Trigram Model Dev loss: 2.5064163208007812
Trigram Model Test loss: 2.515704870223999


### E03 Tune Regularisation

Use the dev set to tune the strength of smoothing (or regularization) for the trigram model - i.e. try many possibilities and see which one works best based on the dev set loss. What patterns can you see in the train and dev set loss as you tune this strength? Take the best setting of the smoothing and evaluate on the test set once and at the end. How good of a loss do you achieve?

In [63]:
# gradient descent
Ws = []
regs = [10, 1, 0.1, 0.01, 0.001, 0]
dev_losses = []
for reg in regs:
    W = torch.randn((54, 27), generator=g, requires_grad=True)
    for k in range(500):
      # forward pass
      x1 = F.one_hot(train_xs[:,0], 27).float()    # (N,27)
      x2 = F.one_hot(train_xs[:,1], 27).float()    # (N,27)
      xenc = torch.cat([x1, x2], dim=1)      # (N,54)
      logits = xenc @ W # predict log-counts
      counts = logits.exp() # counts, equivalent to N
      probs = counts / counts.sum(1, keepdims=True) # probabilities for next character
      loss = -probs[torch.arange(train_xs.shape[0]), train_ys].log().mean() + reg*(W**2).mean()
      # print(loss.item())
      
      # backward pass
      W.grad = None # set to zero the gradient
      loss.backward()
      
      # update
      W.data += -5 * W.grad
    
    dev_loss = trigram_calc_loss(dev_xs, dev_ys, W).item()
    print(f"Dev Loss: {dev_loss}")
    dev_losses.append(dev_loss)
    
    Ws.append(W)

Dev Loss: 2.921194314956665
Dev Loss: 2.6151700019836426
Dev Loss: 2.5602316856384277
Dev Loss: 2.548191785812378
Dev Loss: 2.5527312755584717
Dev Loss: 2.559356212615967


In [76]:
dev_losses # U curve

[2.921194314956665,
 2.6151700019836426,
 2.5602316856384277,
 2.548191785812378,
 2.5527312755584717,
 2.559356212615967]

In [75]:
best_dev_loss = min(dev_losses)
best_dev_index = np.argmin(dev_losses).item()
best_reg = regs[best_dev_index]
print(f"{best_dev_loss=} at index {best_dev_index}, {best_reg=}")
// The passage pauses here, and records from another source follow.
(* Let $P$ be a finite $(3+1)$-free poset and let $\mathsf a=a_na_{n-1}\cdots a_1$, $\mathsf b=b_nb_{n-1}\cdots b_1$ and $\mathsf v$ be words in the alphabet $P$ such that (i) the words $\mathsf a\mathsf v$ and $\mathsf b\mathsf v$ are $P$-strictly decreasing; (ii) $b_i\not<_Pa_i$ for all $i\in[n]$; (iii) $a_i<_Pb_{i+1}$ for all $i\in[n-1]$. Then $\mathbf{u}_{\mathsf a}\mathbf{u}_{\mathsf v}\mathbf{u}_{\mathsf b}\equiv\mathbf{u}_{\mathsf a}\mathbf{u}_{\mathsf b}\mathbf{u}_{\mathsf v}\pmod{I^P_{\mathrm{plac}}}$.
   Context: $a<_Pb$: strict order; $a\sim_Pb$: incomparable or equal. A word $w_1\cdots w_m$ is $P$-strictly decreasing if $w_1>_Pw_2>_P\cdots>_Pw_m$. $\mathcal{U}_P=\mathbb{Z}\langle u_a:a\in P\rangle$, $\mathbf{u}_w=u_{w_1}\cdots u_{w_m}$. $I^P_{\mathrm{plac}}$ is the two-sided ideal generated by: $u_bu_au_c-u_bu_cu_a$ when $a<_Pb$, $c\not<_Pb$, $a<_Pc$; $u_cu_au_b-u_au_cu_b$ when $b\not<_Pa$, $b<_Pc$, $a<_Pc$; $u_cu_au_b-u_bu_cu_a$ when $a\sim_Pb$, $b\sim_Pc$, $a<_Pc$. *)

From mathcomp Require Import all_boot all_order all_algebra.
Set Implicit Arguments. Unset Strict Implicit. Unset Printing Implicit Defensive.
Import Order.TTheory.
Local Open Scope order_scope.

(* The free associative ring Z<u_a : a in P> has the words (seq P) as a
   Z-basis; u_w is the basis element of the word w.  An element of it is
   represented by its coefficient function (seq P -> int). *)

Section Defs.
Context {d : Order.disp_t} {P : finPOrderType d}.

Definition three_one_free : Prop :=
  forall x y z w : P, x < y -> y < z ->
    [|| w >=< x, w >=< y | w >=< z].

Definition simP (a b : P) : bool := (a == b) || ~~ (a >=< b).

Definition strict_decr (w : seq P) : bool := sorted (fun x y => y < x) w.

(* generators w - w' of I^P_plac, encoded as the pair (w, w') *)
Definition plac_gen (w w' : seq P) : Prop :=
  exists a b c : P,
    [/\ a < b, ~~ (c < b), a < c & (w = [:: b; a; c] /\ w' = [:: b; c; a])]
 \/ [/\ ~~ (b < a), b < c, a < c & (w = [:: c; a; b] /\ w' = [:: a; c; b])]
 \/ [/\ simP a b, simP b c, a < c & (w = [:: c; a; b] /\ w' = [:: b; c; a])].

(* f (given by its coefficients) lies in the two-sided ideal I^P_plac:
   it is a finite Z-combination of u_l (u_g - u_g') u_r with (g,g') a generator *)
Definition in_Iplac (f : seq P -> int) : Prop :=
  exists s : seq (int * seq P * seq P * seq P * seq P),
    (forall t, t \in s -> plac_gen t.1.1.2 t.1.2) /\
    forall w : seq P,
      f w = (\sum_(t <- s)
               t.1.1.1.1 * (((w == t.1.1.1.2 ++ t.1.1.2 ++ t.2) : int)
                            - ((w == t.1.1.1.2 ++ t.1.2 ++ t.2) : int)))%R.

Definition plac_congr (w1 w2 : seq P) : Prop :=
  in_Iplac (fun w => (((w == w1) : int) - ((w == w2) : int))%R).

End Defs.

(* Write a = a' a_1 and b = b' b_1.
   Since a_1 < b_2, the word b' a_1 v is strictly decreasing, so induction on n
   with a_1 v in place of v rewrites a' a_1 v b' b_1 into a' b' a_1 v b_1.  The
   relation then carries b_1 leftwards through the decreasing word v, every
   letter of which lies below b_1, and stops behind a_1 since b_1 is not below
   a_1.  Finally a' b' a_1 = a' a_1 b' by induction with the one-letter word a_1
   in place of v, giving a' a_1 b' b_1 v. *)
From mathcomp Require Import all_boot all_order all_algebra.
From mathcomp Require Import zify.
Import Order.TTheory GRing.Theory.

Set Implicit Arguments.
Unset Strict Implicit.
Unset Printing Implicit Defensive.

Local Open Scope order_scope.

Section PlacCongruence.
Context {d : Order.disp_t} {P : finPOrderType d}.

Lemma plac_congr_refl (w : seq P) : plac_congr w w.
Proof. by exists [::]; split => // w'; rewrite big_nil subrr. Qed.

Lemma plac_congr_sym (w1 w2 : seq P) : plac_congr w1 w2 -> plac_congr w2 w1.
Proof.
move=> [s [gen_s E]].
exists [seq ((- t.1.1.1.1)%R, t.1.1.1.2, t.1.1.2, t.1.2, t.2) | t <- s]; split.
  by move=> t /mapP [t' /gen_s ? ->].
move=> w; rewrite big_map -opprB E -sumrN.
by apply: eq_bigr => t _; rewrite mulNr.
Qed.

Lemma plac_congr_trans (w1 w2 w3 : seq P) :
  plac_congr w1 w2 -> plac_congr w2 w3 -> plac_congr w1 w3.
Proof.
move=> [s1 [gen1 E1]] [s2 [gen2 E2]]; exists (s1 ++ s2); split.
  by move=> t; rewrite mem_cat => /orP [/gen1 | /gen2].
by move=> w; rewrite big_cat /= -E1 -E2 addrA subrK.
Qed.

Lemma plac_congr_gen (w1 w2 : seq P) : plac_gen w1 w2 -> plac_congr w1 w2.
Proof.
move=> gen12; exists [:: (1%R, [::], w1, w2, [::])]; split.
  by move=> t; rewrite inE => /eqP ->.
by move=> w; rewrite big_seq1 /= mul1r !cats0.
Qed.

(* The only infix [x] of [w] with [w = l ++ x ++ r], if any; it lets the
   indicator of [w = l ++ x ++ r] factor through that of [x]. *)
Let infix_between (l r w : seq P) : seq P :=
  take (size w - size l - size r) (drop (size l) w).

Let eq_cat_infix (l r w x : seq P) :
  (w == l ++ x ++ r) =
  (w == l ++ infix_between l r w ++ r) && (infix_between l r w == x).
Proof.
have [->|neq] := eqVneq w (l ++ x ++ r).
  rewrite /infix_between drop_size_cat // !size_cat.
  by rewrite take_size_cat ?eqxx //; lia.
apply/esym/negP => /andP [/eqP eq_w /eqP eq_x].
by rewrite -eq_x -eq_w eqxx in neq.
Qed.

Lemma plac_congr_cat (l r w1 w2 : seq P) :
  plac_congr w1 w2 -> plac_congr (l ++ w1 ++ r) (l ++ w2 ++ r).
Proof.
move=> [s [gen_s E]].
exists [seq (t.1.1.1.1, l ++ t.1.1.1.2, t.1.1.2, t.1.2, t.2 ++ r) | t <- s].
split; first by move=> t /mapP [t' /gen_s ? ->].
move=> w; rewrite big_map.
pose fits := ((w == l ++ infix_between l r w ++ r) : int).
have eq_cat_infix_int x :
    ((w == l ++ x ++ r) : int) = (fits * (infix_between l r w == x))%R.
  by rewrite /fits eq_cat_infix; case: (w == _); case: (_ == x).
have cat_assoc5 x y z : (l ++ x) ++ y ++ z ++ r = l ++ (x ++ y ++ z) ++ r.
  by rewrite !catA.
under eq_bigr => t _ do rewrite /= !cat_assoc5 !eq_cat_infix_int -mulrBr mulrCA.
by rewrite -mulr_sumr -E !eq_cat_infix_int -mulrBr.
Qed.

End PlacCongruence.

Section Words.
Context {d : Order.disp_t} {P : finPOrderType d}.

Lemma plac_congr_swap_right (a b c : P) :
  a < b -> a < c -> ~~ (c < b) -> plac_congr [:: b; a; c] [:: b; c; a].
Proof. by move=> ab ac cb; apply: plac_congr_gen; exists a, b, c; left. Qed.

Lemma plac_congr_pull_left (x z : P) (v : seq P) :
  strict_decr (x :: v) -> ~~ (z < x) -> all (fun y => y < z) v ->
  plac_congr (x :: v ++ [:: z]) [:: x, z & v].
Proof.
elim: v x => [|y v IH] x; first by move=> *; apply: plac_congr_refl.
rewrite /strict_decr /= => /andP [yx decr_yv] zx /andP [yz below_v].
have zy : ~~ (z < y) by rewrite lt_gtF.
have := plac_congr_cat [:: x] [::] (IH y decr_yv zy below_v).
rewrite /= !cats0 => /plac_congr_trans; apply.
exact: (plac_congr_cat [::] v (plac_congr_swap_right yx yz zx)).
Qed.

Definition desc_word (n : nat) (A : nat -> P) : seq P :=
  [seq A (n - k) | k <- iota 0 n].

Lemma desc_wordS (n : nat) (A : nat -> P) :
  desc_word n.+1 A = rcons (desc_word n (fun i => A i.+1)) (A 1%N).
Proof.
rewrite /desc_word -addn1 iotaD map_cat /= add0n cats1 addn1 subSnn.
congr rcons; apply/eq_in_map => k; rewrite mem_iota add0n => /andP [_ kn].
by rewrite subSn // ltnW.
Qed.

Lemma plac_congr_commute_step (a' b' v : seq P) (a b : P) :
  (forall w, strict_decr (a' ++ w) -> strict_decr (b' ++ w) ->
     plac_congr (a' ++ w ++ b') (a' ++ b' ++ w)) ->
  strict_decr (rcons a' a ++ v) -> strict_decr (rcons b' a) ->
  strict_decr (b :: v) -> ~~ (b < a) ->
  plac_congr (rcons a' a ++ v ++ rcons b' b) (rcons a' a ++ rcons b' b ++ v).
Proof.
rewrite /strict_decr => commute_a'b' decr_av decr_b'a decr_bv ba.
have [decr_a'a decr_a_v] : sorted >%O (rcons a' a) /\ path >%O a v.
  by apply/andP; rewrite -sorted_cat_cons -cat_rcons.
have below_b : all (fun y => y < b) v.
  by move: decr_bv; rewrite /= (path_sortedE (rev_trans lt_trans)) => /andP [].
have commute_av : plac_congr (a' ++ (a :: v) ++ b') (a' ++ b' ++ a :: v).
  by apply: commute_a'b'; rewrite sorted_cat_cons; apply/andP.
have commute_a : plac_congr (a' ++ [:: a] ++ b') (a' ++ b' ++ [:: a]).
  by apply: commute_a'b'; rewrite cats1.
have move_av := plac_congr_cat [::] [:: b] commute_av.
have move_b := plac_congr_pull_left decr_a_v ba below_b.
have {}move_b := plac_congr_cat (a' ++ b') [::] move_b.
have move_a := plac_congr_cat [::] (b :: v) (plac_congr_sym commute_a).
rewrite -!cats1 -!catA /= ?cats0 in move_av move_b move_a *.
exact: plac_congr_trans move_av (plac_congr_trans move_b move_a).
Qed.

Lemma plac_congr_desc_words (n : nat) (A B : nat -> P) (v : seq P) :
  strict_decr (desc_word n A ++ v) -> strict_decr (desc_word n B ++ v) ->
  (forall i, (1 <= i <= n)%N -> ~~ (B i < A i)) ->
  (forall i, (1 <= i <= n.-1)%N -> A i < B i.+1) ->
  plac_congr (desc_word n A ++ v ++ desc_word n B)
             (desc_word n A ++ desc_word n B ++ v).
Proof.
elim: n A B v => [|n IH] A B v; first by rewrite cats0 => *; apply: plac_congr_refl.
rewrite !desc_wordS => decr_av decr_bv BA AB.
apply: plac_congr_commute_step decr_av _ _ (BA 1%N isT).
- move=> w decr_a'w decr_b'w; apply: IH => // i /andP [i_gt0 i_le].
    by apply: BA; lia.
  by apply: AB; lia.
- move: decr_bv AB; case: (n) => [|m] //; rewrite desc_wordS cat_rcons.
  move=> /cat_sorted2 [decr_b' _] AB; rewrite /strict_decr -!cats1 -catA /=.
  by rewrite sorted_cat_cons /= decr_b' andbT; apply: AB.
- by move: decr_bv; rewrite cat_rcons => /cat_sorted2 [].
Qed.

End Words.

Theorem mainTheorem14 (d : Order.disp_t) (P : finPOrderType d)
  (n : nat) (A B : nat -> P) (v : seq P) :
  three_one_free (P := P) ->
  strict_decr ([seq A (n - k) | k <- iota 0 n] ++ v) ->
  strict_decr ([seq B (n - k) | k <- iota 0 n] ++ v) ->
  (forall i, (1 <= i <= n)%N -> ~~ (B i < A i)) ->
  (forall i, (1 <= i <= n.-1)%N -> A i < B i.+1) ->
  plac_congr ([seq A (n - k) | k <- iota 0 n] ++ v ++ [seq B (n - k) | k <- iota 0 n])
             ([seq A (n - k) | k <- iota 0 n] ++ [seq B (n - k) | k <- iota 0 n] ++ v).
Proof. by move=> _; apply: plac_congr_desc_words. Qed.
best_dev_loss=2.548191785812378 at index 3, best_reg=0.1


In [77]:
trigram_calc_loss(test_xs, test_ys, Ws[best_dev_index]).item()

2.5554730892181396

### E04 One-hot selection.

We saw that our 1-hot vectors merely select a row of W, so producing these vectors explicitly feels wasteful. Can you delete our use of F.one_hot in favor of simply indexing into rows of W?

In [78]:
def trigram_calc_loss(xs, ys, W):
    x1 = F.one_hot(xs[:,0], 27).float()
    x2 = F.one_hot(xs[:,1], 27).float()
    xenc = torch.cat([x1, x2], dim=1)
    logits = xenc @ W
    counts = logits.exp()
    probs = counts / counts.sum(1, keepdims=True)
    loss = -probs[torch.arange(xs.shape[0]), ys].log().mean()
    return loss

In [126]:
def trigram_calc_loss_opt(xs, ys, W):
    logits = W[xs[:, 0]] + W[27 + xs[:, 1]] # indexing
    counts = logits.exp()
    probs = counts / counts.sum(1, keepdims=True)
    loss = -probs[torch.arange(xs.shape[0]), ys].log().mean()
    return loss

In [127]:
trigram_calc_loss(test_xs, test_ys, W)

tensor(2.5643, grad_fn=<NegBackward0>)

In [128]:
trigram_calc_loss_opt(test_xs, test_ys, W)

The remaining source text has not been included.